Because the spooled data goes into the disk, the reader and writer are decoupled. They don’t have to run at the same time. They can come and go. Also, if the reader exits and restarts, it picks up where it left off.

Space management

In a streaming data environment, the writer and reader can run for months on end. A key requirement is that we don’t fill up the disk. So, when we make a spool directory, we tell kvspool what its maximum size should be:

% mkdir spool
% kvsp-init -s 1G spool

This configures a maximum of 1 GB of data in the spool. After it reaches that size, it stays that size, by deleting old data as new data comes into the spool. Deletion is done in units that are about 10% of the total spool size.

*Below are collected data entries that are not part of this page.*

(* (X_t)_{t >= 1} is a (time-homogeneous) Markov chain with transition matrix Q
   under P, with arbitrary initial distribution: every X_t is measurable
   (its level sets are events) and, for every n >= 1 and every path xs,
   P(X_1 = xs 1, ..., X_{n+1} = xs (n+1))
     = P(X_1 = xs 1, ..., X_n = xs n) * Q (xs n) (xs (n+1)).
   X 0 is unused. *)
Definition markov_chain (d : measure_display) (T : measurableType d)
  (R : realType) (K : nat) (P : probability T R)
  (X : nat -> T -> 'I_K) (Q : 'M[R]_K) : Prop :=
  (forall t (x : 'I_K), measurable (X t @^-1` [set x])) /\
  (forall (n : nat) (xs : nat -> 'I_K), (1 <= n)%N ->
     P [set w | forall t, (1 <= t <= n.+1)%N -> X t w = xs t] =
     (P [set w | forall t, (1 <= t <= n)%N -> X t w = xs t] * (Q (xs n) (xs n.+1))%:E)%E).

Definition segment_in (R : realType) (n : nat) (a b : R) : Prop :=
  forall z : int, a <= z%:~R <= b -> (1 <= z)%R /\ (z <= n%:Z)%R.

Definition seg_card (R : realType) (n : nat) (a b : R) : nat :=
  \sum_(1 <= t < n.+1 | (a <= t%:R <= b)) 1%N.

Definition seg_freq (T : Type) (R : realType) (K : nat) (X : nat -> T -> 'I_K)
  (w : T) (n : nat) (a b : R) (x : 'I_K) : R :=
  n%:R^-1 * \sum_(1 <= t < n.+1 | (a <= t%:R <= b)) (X t w == x)%:R.

(* inf over segments S ⊂ {1..n} with |S| >= delta n and over states x
   (extended-real infimum; +oo if there is no such segment). *)
Definition min_seg_freq (T : Type) (R : realType) (K : nat)
  (X : nat -> T -> 'I_K) (delta : R) (w : T) (n : nat) : \bar R :=
  ereal_inf [set y : \bar R | exists (a b : R) (x : 'I_K),
     [/\ segment_in n a b, delta * n%:R <= (seg_card n a b)%:R &
          y = (seg_freq X w n a b x)%:E]].

From HB Require Import structures.
From mathcomp Require Import all_boot all_order all_algebra.
From mathcomp Require Import all_classical all_reals all_analysis.
From mathcomp Require Import ring lra.
Set Implicit Arguments. Unset Strict Implicit. Unset Printing Implicit Defensive.
Import Order.TTheory GRing.Theory Num.Theory.
Local Open Scope classical_set_scope.
Local Open Scope ring_scope.

(* Fix a state [x] and a start time [s].  After time [s] every step of the
   chain lands on [x] with conditional probability at least [sigma], so
   by the Markov property [E[exp (- #visits to x during s..e)]] is at most
   [exp (- sigma (e - s) / 2)].  The Chernoff bound then shows that a segment
   of length at least [delta n] receives fewer than [delta sigma n / 4] visits
   with probability at most [e * exp (- delta sigma n / 4)].  A union over the
   [O(n^2 K)] segments and states is summable in [n], and Borel-Cantelli
   concludes. *)

Section PathSums.
Variables (R : numDomainType) (K : nat).
Implicit Types (m : nat) (xs : nat -> 'I_K.+1) (F G : (nat -> 'I_K.+1) -> R).

Definition upd xs (t : nat) (j : 'I_K.+1) : nat -> 'I_K.+1 :=
  fun u => if u == t then j else xs u.

(* [path_sum m F] sums [F] over the paths with arbitrary values at times
   [1, ..., m] and the value [ord0] at all other times. *)
Fixpoint path_sum m F : R :=
  if m is m'.+1 then path_sum m' (fun xs => \sum_(j < K.+1) F (upd xs m'.+1 j))
  else F (fun=> ord0).

Lemma le_path_sum m F G : (forall xs, F xs <= G xs) -> path_sum m F <= path_sum m G.
Proof.
elim: m F G => [|m IH] F G FG /=; first exact: FG.
by apply: IH => xs; apply: ler_sum => j _; apply: FG.
Qed.

Lemma eq_path_sum m F G : (forall xs, F xs = G xs) -> path_sum m F = path_sum m G.
Proof.
elim: m F G => [|m IH] F G FG /=; first exact: FG.
by apply: IH => xs; apply: eq_bigr => j _; apply: FG.
Qed.

Lemma path_sumZ m c F : path_sum m (fun xs => c * F xs) = c * path_sum m F.
Proof.
elim: m F => [|m IH] F //=.
by rewrite -IH; apply: eq_path_sum => xs; rewrite mulr_sumr.
Qed.

Lemma path_sum_sum m (I : Type) (r : seq I) (G : I -> (nat -> 'I_K.+1) -> R) :
  path_sum m (fun xs => \sum_(i <- r) G i xs) = \sum_(i <- r) path_sum m (G i).
Proof.
elim: m G => [|m IH] G //=.
by rewrite -IH; apply: eq_path_sum => xs; exact: exchange_big.
Qed.

End PathSums.

Section PathEvents.
Context d (T : measurableType d) (R : realType) (P : probability T R) (K : nat).
Variable X : nat -> T -> 'I_K.+1.
Implicit Types (A B : set T) (m : nat) (xs : nat -> 'I_K.+1).

Definition pr A : R := fine (P A).

Lemma prE A : measurable A -> P A = (pr A)%:E.
Proof. by move=> mA; rewrite /pr fineK// fin_num_measure. Qed.

Lemma pr_ge0 A : 0 <= pr A.
Proof. by rewrite /pr fine_ge0. Qed.

Lemma le_pr A B : measurable A -> measurable B -> A `<=` B -> pr A <= pr B.
Proof. by move=> mA mB AB; rewrite -lee_fin -!prE// le_measure// inE. Qed.

Lemma pr_bigsetU_le (I : Type) (r : seq I) (p : pred I) (F : I -> set T) :
  (forall i, p i -> measurable (F i)) ->
  pr (\big[setU/set0]_(i <- r | p i) F i) <= \sum_(i <- r | p i) pr (F i).
Proof.
move=> mF; elim: r => [|i r IH]; first by rewrite !big_nil /pr measure0.
rewrite !big_cons; case: ifP => // pi.
have mU := bigsetU_measurable r mF; have mFi := mF i pi.
apply: le_trans (_ : _ <= pr (F i) + pr (\big[setU/set0]_(j <- r | p j) F j)) _.
  by rewrite -lee_fin EFinD -!prE ?measureU2//; exact: measurableU.
by rewrite lerD2l.
Qed.

Definition cylinder m xs := [set w | forall t, (1 <= t <= m)%N -> X t w = xs t].

Definition path_of m w : nat -> 'I_K.+1 :=
  fun t => if (1 <= t <= m)%N then X t w else ord0.

Lemma path_of0 w : path_of 0 w = fun=> ord0.
Proof. by apply: funext => -[]. Qed.

Lemma path_ofS m w : path_of m.+1 w = upd (path_of m w) m.+1 (X m.+1 w).
Proof.
apply: funext => t; rewrite /path_of /upd; case: eqP => [->|/eqP tm].
  by rewrite leqnn.
by rewrite [(t <= m.+1)%N]leq_eqVlt (negbTE tm) /= ltnS.
Qed.

Lemma path_event0 (p : pred (nat -> 'I_K.+1)) :
  [set w | p (path_of 0 w)] = if p (fun=> ord0) then setT else set0.
Proof. by apply/seteqP; split => w; rewrite /= path_of0; case: (p _). Qed.

Lemma path_eventS m (p : pred (nat -> 'I_K.+1)) B :
  [set w | p (path_of m.+1 w)] `&` B = \big[setU/set0]_(j < K.+1)
    ([set w | p (upd (path_of m w) m.+1 j)] `&` (B `&` X m.+1 @^-1` [set j])).
Proof.
apply/seteqP; split => w.
  move=> [pw Bw]; rewrite -bigcup_seq; exists (X m.+1 w).
    by rewrite /= mem_index_enum.
  by split; [rewrite /= -path_ofS|].
rewrite -bigcup_seq => -[j _ [pw [Bw /= Xj]]]; split => //.
by rewrite path_ofS Xj.
Qed.

Lemma cylinder_upd m xs j : cylinder m (upd xs m.+1 j) = cylinder m xs.
Proof.
have E t : (1 <= t <= m)%N -> upd xs m.+1 j t = xs t.
  by move=> /andP[_ tm]; rewrite /upd ifF//; apply: ltn_eqF; rewrite ltnS.
by apply/seteqP; split => w h t tm; rewrite -?E// h// E.
Qed.

Hypothesis mX : forall t (x : 'I_K.+1), measurable (X t @^-1` [set x]).

Lemma measurable_cylinder m xs : measurable (cylinder m xs).
Proof.
elim: m => [|m IH].
  by rewrite (_ : cylinder 0 xs = setT)//; apply/seteqP; split => // w _ t /andP[/leq_trans h /h].
rewrite (_ : cylinder m.+1 xs = cylinder m xs `&` X m.+1 @^-1` [set xs m.+1]).
  exact: measurableI.
apply/seteqP; split => w.
  move=> h; split; last by apply: h; rewrite leqnn.
  by move=> t /andP[t1 tm]; apply: h; rewrite t1 (leq_trans tm).
move=> [h1 h2] t /andP[t1]; rewrite leq_eqVlt => /orP[/eqP->//|]; rewrite ltnS => tm.
by apply: h1; rewrite t1.
Qed.

Lemma measurable_path_event m (p : pred (nat -> 'I_K.+1)) B : measurable B ->
  measurable ([set w | p (path_of m w)] `&` B).
Proof.
elim: m p B => [|m IH] p B mB.
  by rewrite path_event0; case: (p _); rewrite ?set0I ?setTI.
rewrite path_eventS; apply: bigsetU_measurable => j _.
by apply: (IH (fun xs => p (upd xs m.+1 j))); exact: measurableI.
Qed.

A reader that’s offline long enough can eventually lose data- that is, miss the opportunity to read it before it’s deleted. Data loss is a deliberate feature - otherwise it’d be necessary to block the writer or use unbounded disk space.

Shared memory I/O

You can locate a spool on a RAM disk if you want the speed of shared memory without true disk persistence- kvspool comes with a ramdisk utility to make one.

Rewind and replay

After data has been read from the spool, it remains in the spool directory until a future time when kvspool deletes it to make room for new data. This is the basis for a handy "rewind and replay" feature:

% kvsp-rewind spool

After a rewind, reading starts at the beginning of the spool. The reader should be restarted for this to take effect. Rewind and replay is a convenient way to develop a program on a consistent source of test data.

Snapshot

A snapshot is just a copy of the spool. You can bring the copy back to a development environment, rewind it, and use it as a consistent source of test data.

% cp -r spool snapshot

Copying a spool of production data lets you develop programs on real data but without needing a writer present- the data has been "canned".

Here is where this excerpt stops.